Дитя человеческое

Дитя человеческое

Папа опять улетал. По этому поводу мама несдержанно раскричалась, потом целый вечер молчала, заперлась в супружеской спальне, отказалась готовить ужин, а ночью тихонько плакала. Или думала, что тихонько, иль нарочно всем спать мешала. Эдик слушал и маму жалел, ворочался на кровати. Он ждал, когда папа встанет и маму пойдёт утешать. Но папа заснул в кабинете и не думал просить прощения. Или делал вид, что заснул. Вид голодный и виноватый, но упрямства все-таки больше. На работу не позвонил, от космической командировки не отказался.

– Когда сын вырастет, он меня поймёт, – апеллировал к мнению потомка.

Потомок, бледненький, худенький, со спрятанным синим взглядом под крепким упрямым лбом, выдерживал нейтралитет, без азарта и удовольствия гонял по столу рычащее космическое зверье. Не скрывая жевал запрещенные «шоколадные» синие брюди. «Ты знаешь, как это сделано? – сердилась обычно мама. – Из яда для тараканов! Кто синтетику потребляет, сам становится тараканом! Блестящим, черненьким, гаденьким, с шестью корявыми лапами!» Преувеличивала, конечно, мама любит преувеличивать. Отнимала блестящий пакет и выбрасывала в ведро. А вчера как будто не видела.

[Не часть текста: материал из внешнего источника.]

(* Let $\mathbf{P}=(X,P)$ be a dually-CPT poset whose comparability graph is connected. Then the quotient poset $\mathbf{P}/\mathcal{M}(\mathbf{P})$ is dually-CPT and every maximal strong module of $\mathbf{P}$ induces a CI poset. In particular, if the quotient poset is CI, then $\mathbf{P}$ is CI.
   Context: A poset $\mathbf{P}$ is CPT if there is a tree $T$ and paths $W_x$ of $T$ ($x\in X$) with $x<y$ iff $W_x\subsetneq W_y$; it is CI if this can be done with $T$ a path (containment order of intervals). $\mathbf{P}$ is dually-CPT if $\mathbf{P}$ and its dual $\mathbf{P}^d$ are both CPT. A set $M\subseteq X$ is a module if every $y\in X\setminus M$ is either comparable to all elements of $M$ or incomparable to all elements of $M$. A module $M$ is strong if for every module $M'$, either $M\cap M'=\emptyset$, $M\subseteq M'$ or $M'\subseteq M$. The maximal strong modules (strong modules $M\ne X$ maximal under inclusion) partition $X$; this partition is $\mathcal{M}(\mathbf{P})=\{M_1,\dots,M_k\}$. The quotient poset $\mathbf{P}/\mathcal{M}(\mathbf{P})$ has one vertex $v_i$ per part $M_i$, with $v_i,v_j$ ordered as any (equivalently every) $x\in M_i$, $y\in M_j$ are ordered in $\mathbf{P}$ (it is isomorphic to the subposet of $\mathbf{P}$ induced by one representative of each part). A module ''is CI'' means the induced subposet is CI. *)

(* Finite posets are given as a strict order relation
   [lt : rel X] on a finite type [X]. *)
From mathcomp Require Import all_boot.
Set Implicit Arguments. Unset Strict Implicit. Unset Printing Implicit Defensive.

– Когда сын вырастет, у него будет другой отец! – бросила в папу бомбой. – Третий раз улетаешь! Ты совсем позабыл, если муж в третий раз покидает Подсолнечную, женам сразу дается развод, без вопросов, автоматически! И подам, я сразу подам, в тот же день, как тебя здесь не будет!

Эдик даже жевать перестал, родителям в лица уставился. Папа, вроде бы, испугался, но подумал и не поверил.

– Мальвина, я объяснял! Почему ты все время кричишь? Почему не желаешь меня понять?

– Потому что уже понимала! Когда осталась беременной, ни жена, ни невеста – понимала. Когда Эдьке пять лет исполнилось, а мы едва расписались – опять понимала! Отведенный лимит исчерпан, понималка моя усохла! Три года нормальной жизни, и опять скулить на Луну, представляя мешок с костями, какие нам возвращают!

Тут бы маме надо заплакать (так ссоры всегда заканчивались, слезами и примирением), но она впилась в телефрон, позвала какого-то Сержика и давай с ним громко кокетничать. Ах, Сержик, а мой-то тю-тю. Не совсем тю-тю, но уж скоро. Ты на встречу вдвоем намекал, я седьмого буду свободна. Как спрячется в изоляторе, я сразу к тебе приеду, отпразднуем освобождение в любимой нашей гостинице.

Эдику стало стыдно:

– Я пойду погуляю, ладно?

– Сиди! – приказала мама, прикрывая экран ладонью. – Тебя в суде будут спрашивать: «Кто семейную жизнь разрушил?» Вот, смотри и запоминай, как твой любимый отец все хорошее разрушает!

Отец покраснел с досады, выжидал терпеливо, когда блажь пройдет. Мужчины прекрасно видели: огонек на панели не включен. И за эту наивную ложь, Эдуард еще больше жалел свою неловкую маму. Ведь она очень папочку любит, наизнанку готова вывернуться, лишь бы он её ревновал, лишь бы с ними, дома остался.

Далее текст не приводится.